Crinamine is primarily derived from the bulbs of Crinum asiaticum L. Khumkhrong et al. (2019) demonstrated, for the first time, the mechanism of action of crinamine in inhibiting cervical cancer. It exhibits superior inhibition of unanchored tumor sphere growth compared to existing chemotherapy agents carboplatin and 5-fluorouracil or CDK9 inhibitor FIT-039. Crinamine induces cell apoptosis without promoting DNA double strand breaks and suppresses cervical cancer cell migration by downregulating SNAI1 and VIM expression, positive regulators of epithelial-mesenchymal transition. Notably, crinamine also exerts anti-angiogenic activity by inhibiting VEGFA protein secretion and vascular development in zebrafish embryonic cervical cancer cells. Gene expression analysis suggests that its mechanism of action may involve downregulation of cancer-related genes such as AKT1, BCL2L1, CCND1, CDK4, PLK1, and RHOA.
The study conducted by Tran et al. (2022). extracted oxostephanine from the leaves of Stephania dielsiana Y.C.Wu., and demonstrated its potential as an aurora kinase inhibitor. A comparison was made between oxostephine and the aurora kinase inhibitor VX-680 in terms of their effects on OVCAR-8 cell growth in ovarian cancer. The results revealed that oxostephine effectively inhibited the growth and migration of OVCAR-8 cells, while selectively exhibiting cytotoxicity towards HUVEC but demonstrating lower toxicity towards hFBs cells. Furthermore, oxostephine downregulated the expression of VEGFA, HGF, and FG2 in both HUVEC and hFBs cells, indicating its role in regulating cell proliferation, migration, and angiogenesis. In conclusion, a limited number of aurora kinase inhibitors have been identified and developed for clinical trials in cancer treatment with some degree of efficacy observed. However, further testing is required to evaluate the impact of oxostephine on other ovarian cancer cell lines, particularly primary cell lines to validate its effectiveness against ovarian cancer. Moreover, it is crucial to conduct in vivo tumor model experiments to confirm the inhibitory effects of oxostephine on both auroral kinase activity and angiogenesis.
3.1.5 Polyphenols
Polyphenol compounds are secondary metabolites synthesized by plant tissues, characterized by the presence of multiple phenolic groups. They are widely distributed in various plant-based foods and can be derived from a variety of fruits, vegetables, tea, coffee, wine, and whole wheat products (Fengxia and Zeli, 2023; Yaru and Wentao, 2023).

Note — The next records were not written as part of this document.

(* Let $n\geq 4$ and let $\delta: VT_n\to\mathrm{GL}_{n+1}(\mathbb{C})$ be a homogeneous $3$-local representation of $VT_n$, equivalent to one of the representations $\delta_j$, $1\le j\le 14$, described below. Then: (1) if $\delta$ is equivalent to $\delta_1$ with $e=1$, then $\delta$ is unfaithful; (2) if $\delta$ is equivalent to $\delta_2$ with $e=1$, then $\delta$ is unfaithful; (3) if $\delta$ is equivalent to $\delta_3$ with $d=\frac1p$, then $\delta$ is unfaithful; (4) if $\delta$ is equivalent to $\delta_4$ with $h=\frac1k$, then $\delta$ is unfaithful; (5) if $\delta$ is equivalent to $\delta_j$ for some $5\le j\le 14$, then $\delta$ is unfaithful.
   Context: The virtual twin group $VT_n$ has generators $s_1,\dots,s_{n-1},\rho_1,\dots,\rho_{n-1}$ and defining relations: $s_i^2=1$; $s_is_j=s_js_i$ ($|i-j|\ge2$); $\rho_i\rho_{i+1}\rho_i=\rho_{i+1}\rho_i\rho_{i+1}$ ($1\le i\le n-2$); $\rho_i\rho_j=\rho_j\rho_i$ ($|i-j|\ge2$); $\rho_i^2=1$; $s_i\rho_j=\rho_js_i$ ($|i-j|\ge2$); $\rho_i\rho_{i+1}s_i=s_{i+1}\rho_i\rho_{i+1}$ ($1\le i\le n-2$). A homogeneous $3$-local representation $\delta:VT_n\to\mathrm{GL}_{n+1}(\mathbb{C})$ is one with $\delta(s_i)=\mathrm{diag}(I_{i-1},M,I_{n-i-1})$, $\delta(\rho_i)=\mathrm{diag}(I_{i-1},N,I_{n-i-1})$ for fixed $M,N\in\mathrm{GL}_3(\mathbb{C})$ (block-diagonal; $I_r$ the $r\times r$ identity). Equivalent means conjugate by an invertible matrix; unfaithful means not injective. The representation $\delta_j$ is the homogeneous $3$-local representation with $(M,N)=(M_j,N_j)$, where ($\mathbb{C}^*=\mathbb{C}\setminus\{0\}$): $M_1=\begin{pmatrix}1&0&0\\0&e&\frac{1-e^2}{h}\\0&h&-e\end{pmatrix}$, $N_1=\begin{pmatrix}1&0&0\\0&0&p\\0&\frac1p&0\end{pmatrix}$ ($e\in\mathbb{C}$, $h,p\in\mathbb{C}^*$); $M_2=\begin{pmatrix}-e&\frac{1-e^2}{d}&0\\d&e&0\\0&0&1\end{pmatrix}$, $N_2=\begin{pmatrix}0&k&0\\\frac1k&0&0\\0&0&1\end{pmatrix}$ ($e\in\mathbb{C}$, $d,k\in\mathbb{C}^*$); $M_3=\begin{pmatrix}1&0&0\\d&-1&2p-dp^2\\0&0&1\end{pmatrix}$, $N_3=\begin{pmatrix}1&0&0\\\frac1p&-1&p\\0&0&1\end{pmatrix}$ ($d\in\mathbb{C}$, $p\in\mathbb{C}^*$); $M_4=\begin{pmatrix}1&2k-hk^2&0\\0&-1&0\\0&h&1\end{pmatrix}$, $N_4=\begin{pmatrix}1&k&0\\0&-1&0\\0&\frac1k&1\end{pmatrix}$ ($h\in\mathbb{C}$, $k\in\mathbb{C}^*$); $M_5=\begin{pmatrix}1&b&0\\0&-1&0\\0&0&1\end{pmatrix}$, $N_5=N_2$ ($b\in\mathbb{C}$, $k\in\mathbb{C}^*$); $M_6=\begin{pmatrix}-1&b&0\\0&1&0\\0&0&1\end{pmatrix}$, $N_6=N_2$ ($b\in\mathbb{C}$, $k\in\mathbb{C}^*$); $M_7=I_3$, $N_7=\begin{pmatrix}1&0&0\\\frac1p&-1&p\\0&0&1\end{pmatrix}$ ($p\in\mathbb{C}^*$); $M_8=I_3$, $N_8=\begin{pmatrix}1&k&0\\0&-1&0\\0&\frac1k&1\end{pmatrix}$ ($k\in\mathbb{C}^*$); $M_9=\mathrm{diag}(1,-1,-1)$, $N_9=\begin{pmatrix}1&0&0\\0&0&p\\0&\frac1p&0\end{pmatrix}$ ($p\in\mathbb{C}^*$); $M_{10}=\mathrm{diag}(1,-1,1)$, $N_{10}=N_9$; $M_{11}=I_3$, $N_{11}=N_9$ ($p\in\mathbb{C}^*$); $M_{12}=\mathrm{diag}(-1,-1,1)$, $N_{12}=\begin{pmatrix}0&k&0\\\frac1k&0&0\\0&0&1\end{pmatrix}$; $M_{13}=I_3$, $N_{13}=N_{12}$ ($k\in\mathbb{C}^*$); $M_{14}=N_{14}=I_3$. *)

From mathcomp Require Import all_boot all_algebra.
From mathcomp Require Import complex.
From mathcomp Require Import Rstruct.
Set Implicit Arguments. Unset Strict Implicit. Unset Printing Implicit Defensive.
Import GRing.Theory.
Local Open Scope ring_scope.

The phenolic compound curcumin (CUR) extracted from Curcuma longa L. has been demonstrated in numerous recent studies to exert regulatory effects on angiogenesis, proliferation, invasion, and tumor progression across various cancer types. Yoysungnoen-Chintana et al. (2014) discovered thatm CUR effectively inhibited tumor progression and angiogenesis in nude mice transplanted with cervical cancer cells (CaSki-). A total of 36 nude mice were divided into six groups: Control + vehicle (corn oil); Control + CUR (1,500 mg/kg); CaSki + vehicle (corn oil); CaSki + CUR (500 mg/kg); CaSki + CUR (1,000 mg/kg); CaSki + CUR (1,500 mg/kg) for a duration of 30 days. The immunohistochemical analysis revealed a significant reduction in the expression levels of CD31, VEGF, COX-2, and EGFR. In conclusion, the high-dose administration of CUR demonstrated its potential to suppress tumor growth and angiogenesis in caski-transplanted mice through the downregulation of VEGF, COX-2, and EGFR signaling pathways. Although this experiment confirmed the anti-cervical cancer effect of CUR, the absence of a positive control group and the omission of any experimental study on pharmacological toxicity raise concerns regarding safety and call for further verification of the reliability of experimental data.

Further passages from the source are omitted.